What are the broader implications for speech perception and processing, of an orientation to canonical form? Canonical forms have been argued to have a special status in speech perception (Brouwer et al., 2010; Bürki, 2018; Janse et al., 2007; Ranbom & Connine, 2007). Arguably, our finding of orientation to canonical form supports this special status: we have shown that, given a suitable context, even relatively poor-quality manipulated exemplars of reduced speech tokens can yield sufficient access to the canonical form to allow the canonical form to influence the listener’s impression of tempo (cf. Kemps et al., 2004). An emphasis on special status for canonical forms has tended to be associated with abstractionist accounts of speech perception (e.g., Norris, 1994; Norris & McQueen, 2008), in which variable signals are normalised to access lexical representations that themselves consist of fully specified canonical forms. However, taking our findings together with previous work showing influences of both canonical and surface form on tempo perception (Plug et al., 2022), we favour a more nuanced account. Experiments show that acoustic traces of the canonical form often persist in natural reduced speech, and that listeners are sensitive to them (Davidson, 2006; Ernestus & Smith, 2018; Manuel, 1995; Torreira & Ernestus, 2011; Warner & Tucker, 2011). If an exemplar is both relatable to a given canonical form (by virtue of its phonetic detail) and deviant from it, it can offer rich predictive information both about word identity and about the larger structure of which a word is part, including aspects of utterance rate and rhythmic structure which can inform subsequent perceptual decisions about segmental identity, location of word boundaries, and so on. On this view, the canonical form is not so much the obligatory target of lexical access, as a valuable reference point around which listeners can parse both the linguistic structure and socio-indexical properties of an utterance: see Warner et al. (2022) for a similar view. We would predict that the tempo information that can be accessed from naturally occurring reduced forms should be more robust than that obtained from manipulated forms such as those in our experiment.

Conclusion

In summary, by leading listeners to believe that an ambiguous sentence form contains a word either with or without an additional schwa sound, we were able to shift their tempo percepts by small amounts in a direction consistent with the presence or absence of this additional schwa and syllable.

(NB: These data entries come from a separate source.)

Lemma ACG_Gamma_form j : exists c b,
  (forall u, ((A j)%:E * Gamma j u)%E = (c + dotv b u + A j * mu / 2 * sqn u)%:E) /\
  x j = (1 + A j * mu)^-1 *: (x0 - b).
Proof.
have [x_0 [_ step]] := run.
elim: j => [|j [c [b [GammaE xE]]]].
  exists 0, 0; split=> [u|]; first by rewrite mul0e dotvC dotv0r !mul0r !addr0.
  by rewrite x_0 /ACG_A /= mul0r addr0 invr1 scale1r subr0.
have [c' gammaE] := ACG_gamma_quadratic_form h_proper (step j).2.1.
have A'_neq0 : A j.+1 != 0 by rewrite gt_eqF // ACG_A_gt0.
have s_gt0 : 0 < 1 + A j * mu by rewrite ltr_pwDl // mulr_ge0 // ACG_A_ge0.
exists (c + a j * c'), (b + a j *: (L *: (xt j - yt j.+1) - mu *: yt j.+1)); split.
  move=> u; rewrite /= muleA -EFinM mulfV // mul1e GammaE gammaE -EFinM -EFinD.
  by congr (_%:E); rewrite dotvDl dotvZl ACG_AS; ring.
have [xtE [_ [_ [_ [_ xE']]]]] := step j.
have x0b : x0 - b = (1 + A j * mu) *: x j by rewrite xE scalerA mulfV ?gt_eqF // scale1r.
have sE : 1 + A j * mu = a j ^+ 2 * L / A j.+1 by rewrite ACG_a_sqr_L // mulrAC mulfV // mul1r.
rewrite xE' (addrC (_ * mu)) opprD addrA x0b xtE sE.
by congr (_ *: _); apply/rowP => i; rewrite !mxE; field.
Qed.

Lemma ACG_Gamma_quadratic_form j : exists c b, forall u,
  Gamma j.+1 u = (c + dotv b u + mu / 2 * sqn u)%:E.
Proof.
have [c [b [GammaE _]]] := ACG_Gamma_form j.+1.
have A_neq0 : A j.+1 != 0 by rewrite gt_eqF // ACG_A_gt0.
exists ((A j.+1)^-1 * c), ((A j.+1)^-1 *: b) => u.
rewrite -[Gamma _ _]mul1e -(mulVf A_neq0) EFinM -muleA GammaE -EFinM dotvZl.
by congr (_%:E); field.
Qed.

Lemma ACG_x_argmin j :
  unique_argmin (fun u => ((A j)%:E * Gamma j u + (sqn (u - x0) / 2)%:E)%E) (x j).
Proof.
have [c [b [GammaE xE]]] := ACG_Gamma_form j.
have s_gt0 : 0 < 1 + A j * mu by rewrite ltr_pwDl // mulr_ge0 // ACG_A_ge0.
rewrite xE -opprB scalerN -scaleNr.
apply: (quadratic_unique_argmin (c := c + sqn x0 / 2)) => // u.
rewrite GammaE -EFinD; congr (_%:E); dotv_expand; rewrite (dotvC u x0); lra.
Qed.
End ACGRun.

Local Open Scope ereal_scope.

Theorem lemma2p2 (R : realType) (n : nat) (mu L : R)
  (g : 'rV[R]_n -> R) (grad : 'rV[R]_n -> 'rV[R]_n) (h : 'rV[R]_n -> \bar R)
  (x0 : 'rV[R]_n) (x y xt yt : nat -> 'rV[R]_n) :
  (0 < mu)%R -> (0 < L)%R ->
  is_gradient g grad ->
  strongly_convex mu (fun u => (g u)%:E) ->
  smooth_grad (L + mu) grad ->
  proper_fun h -> closed_fun h -> convex_fun h ->
  ACG_run mu L g grad h x0 x y xt yt ->
  let psi := fun u => (g u)%:E + h u in
  let gammat := ACG_gammat mu g grad h xt in
  let gamma := ACG_gamma mu L g grad h xt yt in
  let Gamma := ACG_Gamma mu L g grad h xt yt in
  forall j : nat,
    (* (a) *)
    ((forall u, gamma j u <= gammat j u) /\ (forall u, gammat j u <= psi u) /\
     gammat j (yt j.+1) = gamma j (yt j.+1) /\
     let F1 := fun u => gammat j u + (L / 2 * sqn (u - xt j))%:E in
     let F2 := fun u => gamma j u + (L / 2 * sqn (u - xt j))%:E in
     unique_argmin F1 (yt j.+1) /\ unique_argmin F2 (yt j.+1) /\
     F1 (yt j.+1) = F2 (yt j.+1)) /\
    (* (b) *)
    (quadratic (gamma j) /\ strongly_convex mu (gamma j) /\
     quadratic (Gamma j.+1) /\ strongly_convex mu (Gamma j.+1)) /\
    (* (c) *)
    unique_argmin (fun u => (ACG_A mu L j)%:E * Gamma j u + (sqn (u - x0) / 2)%:E) (x j).
Proof.
(* Smoothness of g and closedness of h only serve to make the iterates exist, which
   ACG_run already provides. *)
move=> /ltW mu_ge0 L_gt0 gradg g_sconvex _ h_proper _ h_convex run psi gammat gamma Gamma j.
have [_ [_ /(_ j) [_ [yt_min _]]]] := run.
split; first exact: (ACG_prox_step mu_ge0 L_gt0 h_proper h_convex gradg g_sconvex yt_min).
split; last exact: (ACG_x_argmin mu_ge0 L_gt0 h_proper run).
have [c gammaE] := ACG_gamma_quadratic_form h_proper yt_min.
have [c' [b' GammaE]] := ACG_Gamma_quadratic_form mu_ge0 L_gt0 h_proper run j.
have [gamma_quad gamma_sconvex] := quadratic_strongly_convex gammaE.
have [Gamma_quad Gamma_sconvex] := quadratic_strongly_convex GammaE.
by do !split.
Qed.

It would seem clear from our findings, and those of Koreman (2006), Plug et al. (2022) and Reinisch (2016) that when listeners are asked to make tempo judgements, their responses do not reflect the outcome of fast signal-based analysis only, nor are they likely to reflect recognition of a casual speech style which listeners associate with fast tempo. Rather, the orientation to canonical form that has been observed across our and others’ studies reflects the complexity of influences on tempo perception, including both local and global aspects of the signal itself, its linguistic structure, and the listener’s interpretation of it.